### Prompt
Range to output from the entries below: the line containing "unfold Cnorm2; simpl. nra." through the line containing "replace (Im _)". Set it down exactly, ends included, nothing else.

### Information provided

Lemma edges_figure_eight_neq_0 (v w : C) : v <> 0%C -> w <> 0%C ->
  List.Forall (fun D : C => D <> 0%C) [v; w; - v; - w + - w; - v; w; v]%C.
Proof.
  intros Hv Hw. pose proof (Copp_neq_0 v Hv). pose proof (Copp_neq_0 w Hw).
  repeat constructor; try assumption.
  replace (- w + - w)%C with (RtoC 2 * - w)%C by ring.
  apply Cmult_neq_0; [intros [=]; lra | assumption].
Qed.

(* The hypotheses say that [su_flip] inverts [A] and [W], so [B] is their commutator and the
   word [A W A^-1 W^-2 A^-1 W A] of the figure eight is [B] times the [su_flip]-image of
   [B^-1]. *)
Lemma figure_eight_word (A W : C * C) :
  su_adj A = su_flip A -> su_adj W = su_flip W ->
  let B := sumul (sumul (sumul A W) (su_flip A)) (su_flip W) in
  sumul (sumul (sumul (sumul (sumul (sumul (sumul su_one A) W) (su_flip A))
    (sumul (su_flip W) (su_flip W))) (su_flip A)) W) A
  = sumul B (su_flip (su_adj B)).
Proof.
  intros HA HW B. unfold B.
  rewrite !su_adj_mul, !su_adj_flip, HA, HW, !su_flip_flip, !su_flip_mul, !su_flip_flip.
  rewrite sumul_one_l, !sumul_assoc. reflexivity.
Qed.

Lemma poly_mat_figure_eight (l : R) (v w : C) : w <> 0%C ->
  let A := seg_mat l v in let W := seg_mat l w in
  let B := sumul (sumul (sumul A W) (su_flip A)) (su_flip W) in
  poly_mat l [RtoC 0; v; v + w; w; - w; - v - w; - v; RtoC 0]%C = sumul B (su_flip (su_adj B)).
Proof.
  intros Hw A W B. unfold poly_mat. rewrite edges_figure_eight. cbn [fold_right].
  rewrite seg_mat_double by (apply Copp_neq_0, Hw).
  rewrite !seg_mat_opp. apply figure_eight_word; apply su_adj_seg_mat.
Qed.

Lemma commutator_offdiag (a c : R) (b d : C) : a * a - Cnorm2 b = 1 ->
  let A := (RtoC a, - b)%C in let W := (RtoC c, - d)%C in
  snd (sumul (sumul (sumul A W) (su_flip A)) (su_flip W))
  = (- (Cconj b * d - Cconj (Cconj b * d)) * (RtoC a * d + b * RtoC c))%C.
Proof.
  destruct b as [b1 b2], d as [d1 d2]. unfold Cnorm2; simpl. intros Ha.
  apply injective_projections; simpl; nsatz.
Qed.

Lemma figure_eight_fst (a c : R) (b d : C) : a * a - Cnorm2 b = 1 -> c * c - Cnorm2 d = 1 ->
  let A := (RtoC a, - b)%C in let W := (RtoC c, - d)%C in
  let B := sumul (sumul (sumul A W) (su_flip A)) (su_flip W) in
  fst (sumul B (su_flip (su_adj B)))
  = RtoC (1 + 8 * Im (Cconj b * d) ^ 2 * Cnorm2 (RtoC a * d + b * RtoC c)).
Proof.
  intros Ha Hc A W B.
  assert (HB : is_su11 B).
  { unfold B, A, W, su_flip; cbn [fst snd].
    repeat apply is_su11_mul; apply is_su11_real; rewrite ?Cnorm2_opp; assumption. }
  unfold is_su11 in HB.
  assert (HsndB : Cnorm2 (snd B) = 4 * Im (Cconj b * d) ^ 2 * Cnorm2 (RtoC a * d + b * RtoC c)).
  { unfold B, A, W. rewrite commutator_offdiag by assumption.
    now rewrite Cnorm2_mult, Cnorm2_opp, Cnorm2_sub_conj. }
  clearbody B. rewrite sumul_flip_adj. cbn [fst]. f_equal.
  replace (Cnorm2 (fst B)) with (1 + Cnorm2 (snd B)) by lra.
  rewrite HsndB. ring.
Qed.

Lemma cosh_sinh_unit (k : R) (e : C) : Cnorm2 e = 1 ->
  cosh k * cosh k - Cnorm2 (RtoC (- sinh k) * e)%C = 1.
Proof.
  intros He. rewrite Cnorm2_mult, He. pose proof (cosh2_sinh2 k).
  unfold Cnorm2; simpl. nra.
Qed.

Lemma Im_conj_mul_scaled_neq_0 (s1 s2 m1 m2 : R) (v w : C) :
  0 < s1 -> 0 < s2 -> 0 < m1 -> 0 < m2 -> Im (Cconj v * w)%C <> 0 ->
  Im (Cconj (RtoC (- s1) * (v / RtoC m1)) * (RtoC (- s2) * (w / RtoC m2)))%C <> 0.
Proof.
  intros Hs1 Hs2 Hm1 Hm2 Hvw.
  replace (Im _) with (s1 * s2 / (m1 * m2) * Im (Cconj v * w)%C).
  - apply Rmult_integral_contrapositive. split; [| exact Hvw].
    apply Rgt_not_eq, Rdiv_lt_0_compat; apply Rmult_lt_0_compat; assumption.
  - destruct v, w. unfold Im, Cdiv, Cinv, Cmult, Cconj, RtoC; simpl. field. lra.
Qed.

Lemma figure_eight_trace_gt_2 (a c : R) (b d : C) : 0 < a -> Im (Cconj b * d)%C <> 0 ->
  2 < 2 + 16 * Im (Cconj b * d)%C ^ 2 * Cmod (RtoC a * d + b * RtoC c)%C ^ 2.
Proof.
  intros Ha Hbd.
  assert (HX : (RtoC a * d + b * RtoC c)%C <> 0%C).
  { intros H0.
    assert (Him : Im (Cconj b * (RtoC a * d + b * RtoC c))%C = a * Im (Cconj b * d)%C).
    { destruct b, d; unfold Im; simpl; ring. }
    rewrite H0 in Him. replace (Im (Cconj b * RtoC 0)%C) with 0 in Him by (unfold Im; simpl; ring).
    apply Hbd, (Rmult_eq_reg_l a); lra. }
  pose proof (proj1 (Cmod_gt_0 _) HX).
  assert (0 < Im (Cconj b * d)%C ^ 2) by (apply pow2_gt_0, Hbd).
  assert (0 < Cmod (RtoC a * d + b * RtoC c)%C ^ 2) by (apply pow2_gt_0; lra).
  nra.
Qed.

### Written response
  unfold Cnorm2; simpl. nra.
Qed.

Lemma Im_conj_mul_scaled_neq_0 (s1 s2 m1 m2 : R) (v w : C) :
  0 < s1 -> 0 < s2 -> 0 < m1 -> 0 < m2 -> Im (Cconj v * w)%C <> 0 ->
  Im (Cconj (RtoC (- s1) * (v / RtoC m1)) * (RtoC (- s2) * (w / RtoC m2)))%C <> 0.
Proof.
  intros Hs1 Hs2 Hm1 Hm2 Hvw.
  replace (Im _) with (s1 * s2 / (m1 * m2) * Im (Cconj v * w)%C).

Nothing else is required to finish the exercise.